El respeto se muestra al escuchar

El respeto no solo se muestra en lo que decimos.
Sino en
si damos espacio.
si escuchamos.
si somos capaces de pedir perdón.

Si permitimos que las personas sean ellas mismas.
Y si tenemos paciencia con quienes necesitan tiempo para abrirse.

Respeto entre culturas

Hace algún tiempo conocí a una familia internacional que vive precisamente este tipo de respeto.

Un niño de cuatro años crece rodeado de padres, abuelos y bisabuelos — biológicos y no biológicos — de España, Holanda y Sudamérica.

Diferentes culturas.
Diferentes idiomas.
Diferentes historias de vida.

Y aun así, a pesar de circunstancias que no son nada fáciles, esta familia consigue tratarse con un respeto increíble.
Se escuchan.
Dejan espacio para las diferencias.
Y celebran — en toda su diversidad — incluso una Navidad en paz.

Cuando pregunté cómo lo consiguen, la respuesta fue muy simple: Respeto.
Respeto por el otro.
Por su cultura.
Su historia.
Su forma de vivir.

Esa respuesta realmente me conmovió.

Una forma diferente de mirar

En un mundo lleno de comparación
y competencia,
el respeto verdadero a menudo parece algo poco habitual.

Y quizá ahí reside precisamente su fuerza.

Porque donde empieza el respeto —
por los demás
y por nosotros mismos —
surge algo que no podemos comprar:

Paz interior.
Y una libertad que llevamos siempre dentro.

LUMA – It begins in you

Mini ejercicio: El momento entre estímulo y reacción

Hoy, presta atención al pequeño momento antes de reaccionar.

Quizá alguien diga algo que te incomode.
Quizá alguien se comporte de forma distinta a lo que esperabas.
Quizá notes un juicio inmediato dentro de ti.

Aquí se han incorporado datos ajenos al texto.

(* A 2x2 Hermitian form [[s0, c], [c^*, s1]] with s0 > 0 and |c|^2 <= s0 s1 is
   nonnegative: s0 times it is |s0 p + c^* q|^2 + (s0 s1 - |c|^2) |q|^2. *)
Lemma hermitian2_ge0 (s0 s1 : R) c p q : 0 < s0 -> sqnorm c <= s0 * s1 ->
  0 <= s0 * sqnorm p + s1 * sqnorm q + 2 * complex.Re (c * p * conjc q).
Proof.
move=> s0_gt0 cs; rewrite -(pmulr_rge0 _ s0_gt0).
have -> : s0 * (s0 * sqnorm p + s1 * sqnorm q + 2 * complex.Re (c * p * conjc q))
    = sqnorm (rc s0 * p + conjc c * q) + (s0 * s1 - sqnorm c) * sqnorm q.
  by clear cs; case: c => a b; case: p => x y; case: q => u v; rewrite /sqnorm /=; ring.
by rewrite addr_ge0 ?sqnorm_ge0 // mulr_ge0 ?sqnorm_ge0 ?subr_ge0.
Qed.

End ComplexFacts.

Section RealFacts.
Variable R : realFieldType.
Implicit Types (a b p q u v psi : R).

Lemma ler_sqrD_cos u v psi : 0 <= u * v -> -1 <= psi <= 1 ->
  (1 + psi) / 2 * (u ^+ 2 + v ^+ 2) <= u ^+ 2 + v ^+ 2 + 2 * u * v * psi.
Proof.
move=> uv_ge0 /andP[psi_geN1 psi_le1].
have psiD_ge0 : 0 <= 1 + psi by lra.
have psiB_ge0 : 0 <= 1 - psi by lra.
by have := mulr_ge0 psiB_ge0 (sqr_ge0 (u - v)); have := mulr_ge0 psiD_ge0 uv_ge0; lra.
Qed.

Lemma ler_weighted_sqrD a b p q : 0 < a -> 0 < b ->
  a * b / (a + b) * (p + q) ^+ 2 <= a * p ^+ 2 + b * q ^+ 2.
Proof.
move=> a_gt0 b_gt0; rewrite mulrAC ler_pdivrMr ?addr_gt0 //.
have := sqr_ge0 (a * p - b * q); lra.
Qed.

End RealFacts.

Section HermitianProduct.
Variables (R : realType) (N : nat).
Implicit Types (u v w : 'cV[R[i]]_N) (k : R[i]).

Lemma dotH_sum u v : dotH u v = \sum_i conjc (u i 0) * v i 0.
Proof. by rewrite /dotH !mxE; apply: eq_bigr => i _; rewrite !mxE. Qed.

Lemma dotHDr u v w : dotH u (v + w) = dotH u v + dotH u w.
Proof. by rewrite !dotH_sum -big_split; apply: eq_bigr => i _; rewrite !mxE mulrDr. Qed.

Lemma dotHDl u v w : dotH (u + v) w = dotH u w + dotH v w.
Proof. by rewrite !dotH_sum -big_split; apply: eq_bigr => i _; rewrite !mxE rmorphD mulrDl. Qed.

Lemma dotHZr u v k : dotH u (k *: v) = k * dotH u v.
Proof. by rewrite !dotH_sum mulr_sumr; apply: eq_bigr => i _; rewrite !mxE mulrCA. Qed.

Lemma dotHZl u v k : dotH (k *: u) v = conjc k * dotH u v.
Proof. by rewrite !dotH_sum mulr_sumr; apply: eq_bigr => i _; rewrite !mxE rmorphM mulrA. Qed.

Lemma dotHC u v : dotH u v = conjc (dotH v u).
Proof. by rewrite !dotH_sum rmorph_sum; apply: eq_bigr => i _; rewrite rmorphM /= conjcK mulrC. Qed.

Lemma dotHBl u v w : dotH (u - v) w = dotH u w - dotH v w.
Proof. by rewrite dotHDl -scaleN1r dotHZl rmorphN1 mulN1r. Qed.

Lemma dotHBr u v w : dotH u (v - w) = dotH u v - dotH u w.
Proof. by rewrite dotHDr -scaleN1r dotHZr mulN1r. Qed.

Lemma dotH0r u : dotH u 0 = 0.
Proof. by rewrite /dotH mulmx0 mxE. Qed.

Lemma mulmx_outer u v w : (u *m adjv v) *m w = dotH v w *: u.
Proof. by apply/matrixP => i j; rewrite -mulmxA !mxE big_ord1 (ord1 j) mulrC. Qed.

Lemma Re_dotHH u : complex.Re (dotH u u) = \sum_i sqnorm (u i 0).
Proof. by rewrite dotH_sum raddf_sum; apply: eq_bigr => i _; rewrite mulJc. Qed.

Lemma Re_dotHH_ge0 u : 0 <= complex.Re (dotH u u).
Proof. by rewrite Re_dotHH sumr_ge0 // => i _; exact: sqnorm_ge0. Qed.

Lemma Re_dotHH_gt0 u : u != 0 -> 0 < complex.Re (dotH u u).
Proof.
move=> u_neq0; rewrite lt_neqAle Re_dotHH_ge0 andbT Re_dotHH.
apply: contraNneq u_neq0 => /esym/eqP; rewrite psumr_eq0 => [/allP u0|i _]; last exact: sqnorm_ge0.
apply/eqP/matrixP => i j; rewrite (ord1 j) mxE.
by apply: sqnorm_eq0; apply/eqP/u0; rewrite mem_index_enum.
Qed.

End HermitianProduct.

Section Mvdr.
Variables (R : realType) (N : nat) (M : 'M[R[i]]_N) (h : 'cV[R[i]]_N).

Definition mvdr : 'cV[R[i]]_N := (dotH h (invmx M *m h))^-1 *: (invmx M *m h).

Hypothesis M_herm : forall x y, dotH (M *m x) y = dotH x (M *m y).
Hypothesis M_posdef : forall x, x != 0 -> 0 < complex.Re (dotH x (M *m x)).
Hypothesis h_neq0 : h != 0.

Antes de reaccionar, haz una pausa.
Respira conscientemente una vez. Y pregúntate en silencio:
“¿Qué podría no saber todavía sobre esta persona?”
Ese pequeño momento de pausa cambia más de lo que pensamos.
Porque es justo ahí donde comienza el respeto.

Pregunta de reflexión

¿Cuándo fue la última vez que te sentiste realmente visto/a y respetado/a?
¿Y cómo puedes ofrecer ese mismo sentimiento a otras personas?